あまりにも強い光で、目が焼ける。けれども、目を閉じられるはずがなかった。何が起きている? ウィルヘルムの腕の中で、凍りついたように冷たかったアーシャの身体が、じわりと、たしかに温もりを取り戻していくのがわかった。
……何が、起きている?
呆然とするウィルヘルムに、次に届いたのは、柔らかな、耳を心地よく擽るような声だった。
「……ウィルヘルム様……?」
光が散る。
アーシャの周りを、きらきらと、光の欠片が彩って弾ける。
その奇跡みたいな光景の中で、ウィルヘルムはやっとのことで瞬きを思い出し、何度瞬いてもその姿が変わることはない、という事実を飲み込んだ。ぐしゃりと顔が歪むのがわかった。
そこにいたのは、ウィルヘルムがずっと見てきたままのアーシャの姿だった。

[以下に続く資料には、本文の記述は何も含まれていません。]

(* Fix a token $\texttt{<x>}\in\mathsf{Voc}$, an integer $\ell\ge0$, a length $T\ge1$ with $M\ge T$, and $\varepsilon\in(0,1)$. There exist matrices $\mathbf{K},\mathbf{Q}\in\mathbb{R}^{d\times d}$ such that for every sequence $(\mathbf{h}_1,\dots,\mathbf{h}_T)$ with $\mathbf{h}_i=[\tilde{\mathbf{h}}_i^\top,1,0]^\top$ satisfying (i) $\tilde{\mathbf{h}}_i=\sum_{v\in\mathsf{Voc}}\lambda_{i,v}\tilde{\mathbf{u}}_v$ with $\lambda_{i,v}\ge0$ and $\sum_v\lambda_{i,v}^2=1$ for all $i$, (ii) $\langle\tilde{\mathbf{u}}_{\texttt{<x>}},\tilde{\mathbf{h}}_i\rangle\in\{0,1\}$ for all $i$, and (iii) $\langle\tilde{\mathbf{u}}_{\texttt{<x>}},\tilde{\mathbf{h}}_i\rangle=0$ for $i\le\ell$, it holds for every $i\in[T]$: if $\langle\tilde{\mathbf{h}}_i,\tilde{\mathbf{u}}_{\texttt{<x>}}\rangle=1$ then $s_{i,i-\ell}>1-\varepsilon$, and otherwise $s_{i,1}>1-\varepsilon$, where $s_{i,\cdot}=\mathsf{SoftMax}(\langle\mathbf{q}_i,\mathbf{k}_1\rangle,\dots,\langle\mathbf{q}_i,\mathbf{k}_i\rangle)$ with the rotary queries and keys $\mathbf{q}_j=\mathbf{R}^{(j)}\mathbf{Q}\mathbf{h}_j$, $\mathbf{k}_j=\mathbf{R}^{(j)}\mathbf{K}\mathbf{h}_j$.
   Context: Vocabulary $\mathsf{Voc}=\{1,\dots,V\}$. Dimension $d=d_\mathsf{TE}+2$ with $d$ and $d_\mathsf{TE}$ even; vectors $\tilde{\mathbf{u}}_v\in\mathbb{R}^{d_\mathsf{TE}}$, $v\in\mathsf{Voc}$, are orthonormal, and token embeddings are $\mathbf{u}_v=[\tilde{\mathbf{u}}_v^\top,0,0]^\top$. Rotary position embedding: $M>0$ is a fixed large integer, $\omega=M^{-2/d}$; for integer $i$ and $k\in\{1,\dots,d/2\}$, $\mathbf{R}^{(i,k)}=\begin{bmatrix}\cos(i\omega^k)&-\sin(i\omega^k)\\ \sin(i\omega^k)&\cos(i\omega^k)\end{bmatrix}$ and $\mathbf{R}^{(i)}=\mathrm{diag}(\mathbf{R}^{(i,1)},\dots,\mathbf{R}^{(i,d/2)})\in\mathbb{R}^{d\times d}$. $\mathsf{SoftMax}(\boldsymbol{x})_j=e^{x_j}/\sum_k e^{x_k}$. *)

From HB Require Import structures.
From mathcomp Require Import all_boot all_order all_algebra.
From mathcomp Require Import all_classical all_reals all_analysis.
Set Implicit Arguments. Unset Strict Implicit. Unset Printing Implicit Defensive.
Import Order.TTheory GRing.Theory Num.Theory.
Local Open Scope ring_scope.

Definition dotv {R : realType} {n : nat} (u v : 'cV[R]_n) : R :=
  \sum_(k < n) u k 0 * v k 0.

Definition rope_omega {R : realType} (M d : nat) : R :=
  powR (M%:R) (- (2%:R / d%:R)).

(* Rotary matrix R^(i) in R^{d x d}: block diagonal, the p-th 2x2 block
   (0-based p, rows/cols 2p,2p+1) is the rotation by angle i * omega^(p+1),
   i.e. the block k = p+1 of the paper. *)
Definition rope {R : realType} (M d : nat) (i : nat) : 'M[R]_d :=
  \matrix_(a < d, b < d)
    if (a./2 == b./2)%N then
      let th := i%:R * (rope_omega M d) ^+ (a./2).+1 in
      if odd a == odd b then cos th
      else if odd a then sin th else - sin th
    else 0.

Definition embed_h {R : realType} {dTE : nat} (ht : 'cV[R]_dTE) : 'cV[R]_(dTE + 2) :=
  col_mx ht (\col_(k < 2) (if k == ord0 then 1 else 0)).

Definition softmax_at {R : realType} (i : nat) (a : nat -> R) (j : nat) : R :=
  expR (a j) / \sum_(1 <= j' < i.+1) expR (a j').

Definition attn {R : realType} (M dTE : nat) (K Q : 'M[R]_(dTE + 2))
  (ht : nat -> 'cV[R]_dTE) (i j : nat) : R :=
  let q := fun t => rope M (dTE + 2) t *m (Q *m embed_h (ht t)) in
  let k := fun t => rope M (dTE + 2) t *m (K *m embed_h (ht t)) in
  softmax_at i (fun t => dotv (q i) (k t)) j.
Arguments attn {R} M dTE K Q ht i j.

From HB Require Import structures.
From mathcomp Require Import all_boot all_order all_algebra.
From mathcomp Require Import all_classical all_reals all_analysis.
From mathcomp Require Import ring lra zify.
Set Implicit Arguments.
Unset Strict Implicit.
Unset Printing Implicit Defensive.

Import Order.TTheory GRing.Theory Num.Theory.
Local Open Scope ring_scope.

(* The rotary embedding rotates the last two coordinates of a vector of
   [R^(dTE + 2)] by the angle [t / M] (its slowest frequency), so we let the
   queries and keys live there.  Every key is [c (1, 0)], and the query of
   token [i] is the unit vector of angle [-1] when [ht i] does not contain
   [<x>] and of angle [- l / M] when it does; the logits are then
   [c cos ((i - t) / M - 1)] and [c cos ((i - t - l) / M)] respectively.  As
   all these angles stay in [[-1, 1]], the positions [1] and [i - l]
   respectively beat every other position by the margin [c (1 - cos (1 / M))],
   and for [c] large the SoftMax concentrates on them. *)

Section Trigonometry.
Variable R : realType.

Lemma ler_cos (a b : R) : 0 <= a -> a <= b -> b <= pi -> cos b <= cos a.
Proof.
move=> a0 ab bpi; have := pi_ge2 R => pi2.
by rewrite leNgt ltr_cos ?in_itv /= -?leNgt ?a0 ?bpi //; apply/andP; split; lra.
Qed.

Lemma cos_lt1 (t : R) : 0 < t <= pi -> cos t < 1.
Proof.
by move=> /andP[t0 tpi]; rewrite -cos0 ltr_cos ?in_itv /= ?lexx ?pi_ge0 ?(ltW t0).
Qed.

Lemma one_sub_cos_le_sin (a : R) : 0 <= a <= pi / 2 -> 1 - cos a <= sin a.
Proof.
move=> /andP[a0 api]; have := pi_ge2 R => pi2.
have ca : 0 <= cos a by apply: cos_ge0_pihalf; apply/andP; split; lra.
have sa : 0 <= sin a by apply: sin_ge0_pi; apply/andP; split; lra.
have := cos2Dsin2 a; have := cos_le1 a; nra.
Qed.

(* On [[0, 1]], [sin a * sin t >= (1 - cos a) * (1 - cos t)]. *)
Lemma cos_step_gap (a b t : R) :
  0 <= a -> 0 <= t -> a + t <= b -> b <= 1 -> cos b + (1 - cos t) <= cos a.
Proof.
move=> a0 t0 abt b1; have := pi_ge2 R => pi2.
have cb : cos b <= cos (a + t) by apply: ler_cos; lra.
have sa := @one_sub_cos_le_sin a; have st := @one_sub_cos_le_sin t.
have prod : (1 - cos a) * (1 - cos t) <= sin a * sin t.
  by apply: ler_pM; rewrite ?subr_ge0 ?cos_le1 ?sa ?st //; apply/andP; split; lra.
move: cb; rewrite cosD; nra.
Qed.

End Trigonometry.

Section Softmax.
Variable R : realType.

Lemma mulr_expRN_div_lt (n y : R) : 0 <= n -> 0 < y -> n * expR (- (n / y)) < y.
Proof.
move=> n0 y0; rewrite expRN ltr_pdivrMr ?expR_gt0 //.
have := expR_ge1Dx (n / y).
by rewrite -(ler_pM2l y0) mulrDr mulr1 mulrCA divff ?mulr1 ?gt_eqF //; lra.
Qed.

Lemma softmax_at_gt (i j0 : nat) (a : nat -> R) (g : R) :
  (1 <= j0 <= i)%N ->
  (forall j, (1 <= j <= i)%N -> j != j0 -> a j + g <= a j0) ->
  1 - i%:R * expR (- g) < softmax_at i a j0.
Proof.
move=> j0i gap; rewrite /softmax_at (bigD1_seq j0) ?iota_uniq ?mem_index_iota //=.
set E := expR (a j0); set S := \sum_(_ <- _ | _) _; set z := expR (- g).
have [E_gt0 z_gt0] : 0 < E /\ 0 < z by rewrite !expR_gt0.
have S_ge0 : 0 <= S by apply: sumr_ge0 => j _; exact/ltW/expR_gt0.
have iz_gt0 : 0 < i%:R * z by rewrite mulr_gt0 // ltr0n; lia.
have S_le : S <= i%:R * z * E.
  apply: (@le_trans _ _ (\sum_(1 <= j < i.+1 | j != j0) z * E)).
    rewrite /S big_nat_cond [leRHS]big_nat_cond.
    apply: ler_sum => j /andP[/andP[j1 ji] jj0].
    by rewrite /z /E -expRD ler_expR; have := gap j ltac:(lia) jj0; lra.
  apply: (@le_trans _ _ (\sum_(1 <= j < i.+1) z * E)).
    rewrite big_mkcond /=; apply: ler_sum_nat => j _.
    by case: ifP => _ //; rewrite mulr_ge0 // ltW.
  by rewrite sumr_const_nat subSS subn0 -mulrA mulr_natl.
rewrite ltr_pdivlMr ?ltr_wpDr //.
have [iz_le1|iz_gt1] := lerP (i%:R * z) 1; last nra.
have : (1 - i%:R * z) * (E + S) <= (1 - i%:R * z) * ((1 + i%:R * z) * E).
  by apply: ler_wpM2l; lra.
have := mulr_gt0 (mulr_gt0 iz_gt0 iz_gt0) E_gt0; nra.
Qed.

End Softmax.

Section Vectors.
Variable R : realType.

Lemma dotvC n (u v : 'cV[R]_n) : dotv u v = dotv v u.
Proof. by apply: eq_bigr => k _; rewrite mulrC. Qed.

Lemma dotv0l n (v : 'cV[R]_n) : dotv 0 v = 0.
Proof. by rewrite /dotv big1 // => k _; rewrite mxE mul0r. Qed.

Lemma dotvZr n (c : R) (u v : 'cV[R]_n) : dotv u (c *: v) = c * dotv u v.
Proof. by rewrite /dotv mulr_sumr; apply: eq_bigr => k _; rewrite mxE mulrCA. Qed.

Lemma dotv_col_mx m n (a c : 'cV[R]_m) (b d : 'cV[R]_n) :
  dotv (col_mx a b) (col_mx c d) = dotv a c + dotv b d.
Proof.
rewrite /dotv big_split_ord /=.
by congr (_ + _); apply: eq_bigr => k _; rewrite !(col_mxEu, col_mxEd).
Qed.

Lemma trmx_mul_dotv n (u v : 'cV[R]_n) : u^T *m v = (dotv u v)%:M.
Proof.
apply/matrixP => i j; rewrite !ord1 !mxE eqxx mulr1n.
by apply: eq_bigr => k _; rewrite mxE.
Qed.

Definition dir2 (phi : R) : 'cV[R]_2 :=
  \col_k (if k == ord0 then cos phi else sin phi).

Lemma dotv_dir2 (phi psi : R) : dotv (dir2 phi) (dir2 psi) = cos (phi - psi).
Proof. by rewrite /dotv !big_ord_recl big_ord0 !mxE /= cosB addr0. Qed.

End Vectors.

Section RotaryHeads.
Variable R : realType.

Lemma rope_omega_last (M n : nat) :
  (0 < M)%N -> ~~ odd n -> rope_omega M (n + 2) ^+ (n./2).+1 = M%:R^-1 :> R.
Proof.
move=> M0 n_even; rewrite /rope_omega -powR_mulrn ?powR_ge0 // -powRrM.
have -> : - (2%:R / (n + 2)%:R) * (n./2).+1%:R = - 1 :> R.
  have -> : (n + 2)%:R = 2 * (n./2).+1%:R :> R.
    rewrite -natrM; congr (_%:R).
    by have := odd_double_half n; rewrite (negbTE n_even) add0n -muln2; lia.
  by field; rewrite nat1r pnatr_eq0.
by rewrite powRN powRr1 // ler0n.
Qed.

Lemma rope_col_mx0_dir2 (M n t : nat) (phi : R) : (0 < M)%N -> ~~ odd n ->
  rope M (n + 2) t *m col_mx 0 (dir2 phi) = col_mx 0 (dir2 (phi + t%:R / M%:R)).
Proof.
move=> M0 n_even.
have half_n k : (k < 2)%N -> (n + k)./2 = n./2 by move=> ?; rewrite -!divn2; lia.
have odd_n k : odd (n + k) = odd k by rewrite oddD (negbTE n_even).
have last_block (k : 'I_(n + 2)) : (rope M (n + 2) t *m col_mx 0 (dir2 phi)) k 0 =
    \sum_(b < 2) rope M (n + 2) t k (rshift n b) * dir2 phi b 0.
  rewrite mxE big_split_ord /= big1 ?add0r => [|b _].
    by apply: eq_bigr => b _; rewrite col_mxEd.
  by rewrite col_mxEu [X in _ * X]mxE mulr0.
apply/matrixP => k j; rewrite (ord1 j) -[k](@splitK n 2) last_block.
rewrite !big_ord_recl big_ord0 addr0.
case: (fintype.split k) => {}k /=.
  rewrite col_mxEu !mxE /= !half_n //.
  have -> : (k./2 == n./2) = false.
    by apply/negbTE; rewrite -!divn2; have := ltn_ord k; lia.
  by rewrite !mul0r addr0.
rewrite col_mxEd !mxE /= !half_n // !odd_n eqxx /= rope_omega_last //.
by case: k => [[|[|//]] ?] /=; rewrite ?(cosD, sinD) /=; ring.
Qed.

Lemma embed_h_dir2 n (h : 'cV[R]_n) : embed_h h = col_mx h (dir2 0).
Proof. by congr col_mx; apply/matrixP => k j; rewrite !mxE cos0 sin0; case: ifP. Qed.

Definition head_mx n (w : 'cV[R]_n) (p z : 'cV[R]_2) : 'M[R]_(n + 2) :=
  block_mx 0 0 (p *m w^T) (z *m (dir2 0)^T).

Lemma head_mx_embed n (w h : 'cV[R]_n) (p z : 'cV[R]_2) :
  head_mx w p z *m embed_h h = col_mx 0 (dotv w h *: p + z).
Proof.
rewrite embed_h_dir2 mul_block_col !mul0mx addr0 -!mulmxA !trmx_mul_dotv.
by rewrite dotv_dir2 subrr cos0 !mul_mx_scalar scale1r.
Qed.

Definition key_mx n (c : R) : 'M[R]_(n + 2) := head_mx 0 0 (c *: dir2 0).

Definition query_mx n (w : 'cV[R]_n) (L : R) : 'M[R]_(n + 2) :=
  head_mx w (dir2 (- L) - dir2 (- 1)) (dir2 (- 1)).

Lemma dotv_rope_dir2 (M n i t : nat) (phi psi c : R) : (0 < M)%N -> ~~ odd n ->
  dotv (rope M (n + 2) i *m col_mx 0 (dir2 phi))
       (rope M (n + 2) t *m col_mx 0 (c *: dir2 psi)) =
  c * cos ((i%:R - t%:R) / M%:R + (phi - psi)).
Proof.
move=> M0 n_even.
rewrite -[X in col_mx X (c *: _)](scaler0 _ c) -scale_col_mx -scalemxAr.
rewrite !rope_col_mx0_dir2 // dotvZr dotv_col_mx dotv0l add0r dotv_dir2.
by congr (_ * cos _); rewrite mulrBl; ring.
Qed.

Lemma attn_key_query_mx (M n : nat) (w : 'cV[R]_n) (ht : nat -> 'cV[R]_n)
    (L c : R) (i : nat) :
  (0 < M)%N -> ~~ odd n -> dotv w (ht i) = 0 \/ dotv w (ht i) = 1 ->
  attn M n (key_mx n c) (query_mx w L) ht i =
  softmax_at i (fun t =>
    c * cos ((i%:R - t%:R) / M%:R - (if dotv w (ht i) == 1 then L else 1))).
Proof.
move=> M0 n_even s01; apply/funext => j; rewrite /attn.
congr softmax_at; apply/funext => t.
rewrite !head_mx_embed dotv0l scale0r add0r.
case: s01 => ->; rewrite ?eqxx ?(eq_sym 0) ?oner_eq0 ?scale0r ?add0r ?scale1r ?subrK;
by rewrite dotv_rope_dir2 // subr0.
Qed.

End RotaryHeads.

Section Concentration.
Variables (R : realType) (M i : nat) (c : R).
Hypotheses (i_gt0 : (0 < i)%N) (i_leM : (i <= M)%N) (c_ge0 : 0 <= c).

Lemma inv_M_bounds : [/\ 0 < M%:R^-1 :> R, M%:R * M%:R^-1 = 1 :> R & i%:R <= M%:R :> R].
Proof.
have th0 : 0 < M%:R^-1 :> R by rewrite invr_gt0 ltr0n (leq_trans i_gt0).
by split; rewrite ?ler_nat // mulfV // gt_eqF // -invr_gt0.
Qed.

Lemma softmax_first_token :
  1 - i%:R * expR (- (c * (1 - cos M%:R^-1))) <
  softmax_at i (fun t => c * cos ((i%:R - t%:R) / M%:R - 1)) 1.
Proof.
apply: softmax_at_gt => [|j /andP[j1 ji] j_ne1]; first by rewrite leqnn.
rewrite -mulrDr ler_wpM2l // -cosN opprB -[cos (_ - 1)]cosN opprB.
have j2 : 2%:R <= j%:R :> R by rewrite ler_nat; lia.
have ji_R : j%:R <= i%:R :> R by rewrite ler_nat.
have [th0 Mth iM] := inv_M_bounds.
apply: cos_step_gap; nra.
Qed.

Lemma softmax_shifted_token (l : nat) : (l < i)%N ->
  1 - i%:R * expR (- (c * (1 - cos M%:R^-1))) <
  softmax_at i (fun t => c * cos ((i%:R - t%:R) / M%:R - l%:R / M%:R)) (i - l).
Proof.
move=> l_lti; apply: softmax_at_gt => [|j /andP[j1 ji] j_ne]; first lia.
rewrite -mulrDr ler_wpM2l // natrB ?(ltnW l_lti) // subKr subrr -cos_norm.
have [th0 Mth iM] := inv_M_bounds.
have [j0 l0] := (ler0n R j, ler0n R l).
have [lt|gt] : (j + l < i)%N \/ (i < j + l)%N by move/eqP: j_ne; lia.
- have : (j + l).+1%:R <= i%:R :> R by rewrite ler_nat.
  rewrite -addn1 !natrD => jli.
  rewrite ger0_norm; last by nra.
  by apply: (@cos_step_gap _ 0); nra.
- have : i.+1%:R <= (j + l)%:R :> R by rewrite ler_nat.
  rewrite -addn1 !natrD => jli.
  have [ji_R li_R] : j%:R <= i%:R :> R /\ l%:R <= i%:R :> R.
    by rewrite !ler_nat ji ltnW.
  rewrite ler0_norm; last by nra.
  by apply: (@cos_step_gap _ 0); nra.
Qed.

End Concentration.

Theorem lemma6 (R : realType) (V dTE M : nat) (u : 'I_V -> 'cV[R]_dTE)
  (x : 'I_V) (l T : nat) (eps : R) :
  ~~ odd dTE ->
  (forall v w : 'I_V, dotv (u v) (u w) = (v == w)%:R) ->
  (0 < M)%N -> (1 <= T)%N -> (T <= M)%N ->
  0 < eps < 1 ->
  exists K Q : 'M[R]_(dTE + 2),
    forall ht : nat -> 'cV[R]_dTE,
      (forall i : nat, (1 <= i <= T)%N ->
         exists lam : 'I_V -> R,
           (forall v, 0 <= lam v) /\ \sum_v lam v ^+ 2 = 1 /\
           ht i = \sum_v lam v *: u v) ->
      (forall i : nat, (1 <= i <= T)%N ->
         dotv (u x) (ht i) = 0 \/ dotv (u x) (ht i) = 1) ->
      (forall i : nat, (1 <= i <= T)%N -> (i <= l)%N -> dotv (u x) (ht i) = 0) ->
      forall i : nat, (1 <= i <= T)%N ->
        if dotv (ht i) (u x) == 1
        then attn M dTE K Q ht i (i - l)%N > 1 - eps
        else attn M dTE K Q ht i 1%N > 1 - eps.
Proof.
move=> dTE_even _ M_gt0 _ T_leM /andP[eps_gt0 eps_lt1].
have pi2 := pi_ge2 R.
have th_le1 : M%:R^-1 <= 1 :> R by rewrite invf_le1 ?ler1n ?ltr0n.
set delta : R := 1 - cos M%:R^-1.
have delta_gt0 : 0 < delta.
  by rewrite subr_gt0 cos_lt1 // invr_gt0 ltr0n M_gt0 /=; lra.
set c : R := T%:R / eps / delta.
have c_ge0 : 0 <= c by rewrite !divr_ge0 // ltW.
have decay i : (i <= T)%N -> 1 - eps < 1 - i%:R * expR (- (c * delta)).
  move=> i_leT; rewrite ltrD2l ltrN2 divfK ?gt_eqF //.
  apply: le_lt_trans (mulr_expRN_div_lt (ler0n R T) eps_gt0).
  by rewrite ler_wpM2r ?ler_nat // ltW ?expR_gt0.
exists (key_mx dTE c), (query_mx (u x) (l%:R / M%:R)).
move=> ht _ h01 h_pre i iT; have /andP[i_gt0 i_leT] := iT.
have i_leM := leq_trans i_leT T_leM.
have s01 := h01 i iT.
rewrite dotvC attn_key_query_mx //.
have [s|s] := s01; rewrite s ?eqxx ?(eq_sym 0) ?oner_eq0 /=.
  exact: lt_trans (decay _ i_leT) (softmax_first_token i_gt0 i_leM c_ge0).
have l_lt_i : (l < i)%N.
  by rewrite ltnNge; apply/negP => /(h_pre i iT); rewrite s => /eqP; rewrite oner_eq0.
exact: lt_trans (decay _ i_leT) (softmax_shifted_token i_gt0 i_leM c_ge0 l_lt_i).
Qed.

どういうことだ、と考えるより先に、体が動いた。
「っ、……ウィルヘルム様、……!?」
ウィルヘルムはアーシャを掻き抱いた──そのまま、きつくきつく抱きしめる。柔らかなストロベリー・ブロンドがウィルヘルムの頬をくすぐり、甘い香りがウィルヘルムの鼻腔を満たした。
生きている。呪いが解けたのだ、やっとそう、頭まで理解が辿り着いた。
……呪いが、解けた? ということは? ……今は、その件については深く考えたくなかった。ウィルヘルムは、アーシャを抱きしめ、その肩口に己の顔を埋めたまま、その場にへたりこんだ。
そして言った。絞り出すように。
「……この、馬鹿」
最初から言え、という気持ちと、言われたところでどうしようもなかった、という気持ちと、言われていても彼女を愛しただろう、という諦めとを全部ぐちゃぐちゃに混ぜ込んだせいで、どうしようもなく情けない声になった。アーシャは、おそらくは状況もまだよく理解できていないのだろう、困惑した声でウィルヘルムに答える。
「………ええと、ごめんなさい……?」
そうして、アーシャの手が、肩辺りまでの長さになったウィルヘルムの髪を、声と同じ困り果てたみたいな手つきで撫でる。その心地よさを堪能し、言葉は、ほとんど無意識にこぼれ落ちた。
「うん、……アーシャ」
アーシャの顔はまだ、見られなかった。
「結婚してくれ、俺と」
ぱちり、と、アーシャが大きな目を瞬くのを、長い睫毛が揺れる気配で感じた。
アーシャの手が、ウィルヘルムの頭から、ウィルヘルムの背中へと降りていき──その細い腕が、そっと、ウィルヘルムを抱きしめ返す。
「……はい」
その短い、困惑したままの、それでも確かな意思を持って発せられた同意の言葉を聞いた瞬間に。
ウィルヘルムはごく身勝手に、己の全てが、とてもまともとは言えない人生のすべてが、まるごと肯定されたような気がした。今日この日まで生きてきてよかった。アーシャが、今日この日まで、生きていてくれてよかった。
ウィルヘルムは、きつくアーシャを抱きしめた。あたりを見渡し、やっと自分たちがエリシアやアルデンに暖かく見守られていることに気づいたアーシャが慌ててウィルヘルムの身体を押しのけるまで──否、押しのけ始めてからもしばらくは、ずっと。